* Exercise prompt:
Determine how many lines of the entries include the word "under", and report that number with no further text.

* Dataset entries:

Lemma esum_geom_pmf (f : nat -> R) : (forall k, 0 <= f k)%R ->
  \esum_(k in [set: nat]) (f k * geom_pmf p k)%:E
    = p%:E * \sum_(k <oo) (f k.+1 * (1 - p) ^+ k)%:E.
Proof.
move=> f0; have ge0 k : 0 <= (f k * geom_pmf p k)%:E by rewrite lee_fin mulr_ge0 // geom_pmf_ge0.
rewrite -nneseries_esumT // (nneseries_split 0 1) // big_nat1 /= mulr0 add0e add0n.
rewrite -nneseries_addn // -nneseriesZl => [|k _]; last by rewrite lee_fin mulr_ge0 ?exprn_ge0.
by apply: eq_eseriesr => k _; rewrite addn1 -EFinM /=; congr EFin; ring.
Qed.

Lemma geom_pmf_mass : \esum_(k in [set: nat]) (geom_pmf p k)%:E = 1.
Proof.
under eq_esum do rewrite -[geom_pmf p _]mul1r.
rewrite esum_geom_pmf //; under eq_eseriesr do rewrite mul1r.
by rewrite nneseries_geometric // -EFinM one_minus_q divff.
Qed.

Lemma geom_mean : \esum_(k in [set: nat]) (k%:R * geom_pmf p k)%:E = (p^-1)%:E.
Proof.
rewrite esum_geom_pmf // nneseries_succ_geometric // -EFinM one_minus_q.
by congr EFin; field.
Qed.

Lemma geom_second_moment_le :
  \esum_(k in [set: nat]) (k%:R ^+ 2 * geom_pmf p k)%:E <= (2 / p ^+ 2)%:E.
Proof.
rewrite esum_geom_pmf //.
apply: le_trans (lee_wpmul2l _ (nneseries_succ_sqr_geometric_le _ q_ge0 q_lt1)) _.
  by rewrite lee_fin ltW.
by rewrite -EFinM one_minus_q lee_fin [leLHS](_ : _ = 2 / p ^+ 2)%R //; field.
Qed.

Lemma geom_tail_prob j :
  \esum_(k in [set: nat]) (((j <= k)%N)%:R * geom_pmf p k)%:E = ((1 - p) ^+ j.-1)%:E.
Proof.
case: j => [|j].
  by under eq_esum do rewrite mul1r; rewrite geom_pmf_mass.
rewrite esum_geom_pmf //=; under eq_eseriesr do rewrite ltnS.
rewrite nneseries_geometric_tail // -EFinM one_minus_q.
by rewrite mulrCA divff ?mulr1.
Qed.

End geometric_law.

(* Only meaningful for nonnegative [f]: [\esum] is a supremum of finite sums. *)
Definition geom_expect {R : realType} (p : R) {n} (f : {ffun 'I_n -> nat} -> R) : \bar R :=
  \esum_(x in [set: {ffun 'I_n -> nat}]) (f x * \prod_(i < n) geom_pmf p (x i))%:E.

Section geometric_expectation.
Context {R : realType} {p : R}.
Hypothesis hp : 0 < p < 1.
Context {n : nat}.
Implicit Types (x : {ffun 'I_n -> nat}) (f g : {ffun 'I_n -> nat} -> R).
Local Open Scope ereal_scope.

Let weight_ge0 x : (0 <= \prod_(i < n) geom_pmf p (x i))%R.
Proof. by apply: prodr_ge0 => i _; exact: geom_pmf_ge0. Qed.

Lemma geom_expect_ge0 f : (forall x, 0 <= f x)%R -> 0 <= geom_expect p f.
Proof. by move=> f0; apply: esum_ge0 => x _; rewrite lee_fin mulr_ge0. Qed.

Lemma le_geom_expect f g : (forall x, f x <= g x)%R -> geom_expect p f <= geom_expect p g.
Proof. by move=> fg; apply: le_esum => x _; rewrite lee_fin ler_wpM2r. Qed.

Lemma geom_expectD f g : (forall x, 0 <= f x)%R -> (forall x, 0 <= g x)%R ->
  geom_expect p (fun x => f x + g x)%R = geom_expect p f + geom_expect p g.
Proof.
move=> f0 g0; rewrite /geom_expect -esumD => [|x _|x _]; last 2 first.
- by rewrite lee_fin mulr_ge0.
- by rewrite lee_fin mulr_ge0.
by apply: eq_esum => x _; rewrite mulrDl EFinD.
Qed.

Lemma geom_expectZ (c : R) f : (0 <= c)%R -> (forall x, 0 <= f x)%R ->
  geom_expect p (fun x => c * f x)%R = c%:E * geom_expect p f.
Proof.
move=> c0 f0; rewrite /geom_expect -esumZl // => [|x]; last by rewrite lee_fin mulr_ge0.
by apply: eq_esum => x _; rewrite -EFinM mulrA.
Qed.

Lemma geom_expect_sum (I : seq 'I_n) (P : pred 'I_n) (F : 'I_n -> {ffun 'I_n -> nat} -> R) :
  (forall i x, 0 <= F i x)%R ->
  geom_expect p (fun x => \sum_(i <- I | P i) F i x)%R = \sum_(i <- I | P i) geom_expect p (F i).
Proof.
move=> F0; rewrite /geom_expect -esum_sum => [|x i _ _]; last by rewrite lee_fin mulr_ge0.
by apply: eq_esum => x _; rewrite mulr_suml sumEFin.
Qed.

* Exercise answer:
4